Task details: From the entries that follow, copy exactly the lines beginning at the line holding "(\row_i 'D_('e_i) phi x) w." and continuing through the line holding "differentiable F (t *: d + q) ->".

Data supplied:
Lemma differentiable_approx {W : normedModType R} (phi : vec -> W) x :
  differentiable phi x -> forall eps, 0 < eps ->
  \forall y \near x, `|phi y - phi x - 'd phi x (y - x)| <= eps * `|y - x|.
Proof.
move=> dphi eps eps0.
have /eqaddoP /(_ eps eps0) /nbhs_normP [r r0 near0] := diff_locally dphi.
apply/nbhs_normP; exists r => // y /= xy.
have := near0 (y - x); rewrite /= sub0r normrN distrC => /(_ xy).
by rewrite !fctE /= subrK opprD addrA.
Qed.

Lemma derive_row_sum {W : normedModType R} (phi : vec -> W) x w :
  differentiable phi x -> 'D_w phi x = \sum_i w 0 i *: 'D_('e_i) phi x.
Proof.
move=> dphi; rewrite deriveE // {1}(row_sum_delta w) linear_sum.
by apply: eq_bigr => i _; rewrite linearZ deriveE.
Qed.

Lemma derive_dotv (phi : vec -> R) x w : differentiable phi x ->
  'D_w phi x = dotv (\row_i 'D_('e_i) phi x) w.
Proof.
move=> dphi; rewrite derive_row_sum //; apply: eq_bigr => i _.
by rewrite mxE mulrC.
Qed.

Lemma is_derive_line_entry k (F : vec -> 'rV[R]_k) (d q : vec) i t :
  differentiable F (t *: d + q) ->
  is_derive t 1 (fun s => F (s *: d + q) 0 i) ('D_d F (t *: d + q) 0 i).
Proof.
set z := t *: d + q => dF.
have dFd : derivable F z d by exact: diff_derivable.
have dFi : derivable (fun y => F y 0 i) z d by move/derivable_mxP: dFd.
have -> : 'D_d F z 0 i = 'D_d (fun y => F y 0 i) z by rewrite derive_mx ?mxE.
have quotE : (fun h : R => h^-1 *: (F ((h *: 1 + t) *: d + q) 0 i - F z 0 i)) =
             (fun h : R => h^-1 *: (F (h *: d + z) 0 i - F z 0 i)).
  by apply: funext => h; rewrite /z [h *: 1]mulr1 scalerDl addrA.
apply: DeriveDef; first by rewrite /derivable /= quotE.
by rewrite /derive /= quotE.
Qed.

Result of the task:
  'D_w phi x = dotv (\row_i 'D_('e_i) phi x) w.
Proof.
move=> dphi; rewrite derive_row_sum //; apply: eq_bigr => i _.
by rewrite mxE mulrC.
Qed.

Lemma is_derive_line_entry k (F : vec -> 'rV[R]_k) (d q : vec) i t :
  differentiable F (t *: d + q) ->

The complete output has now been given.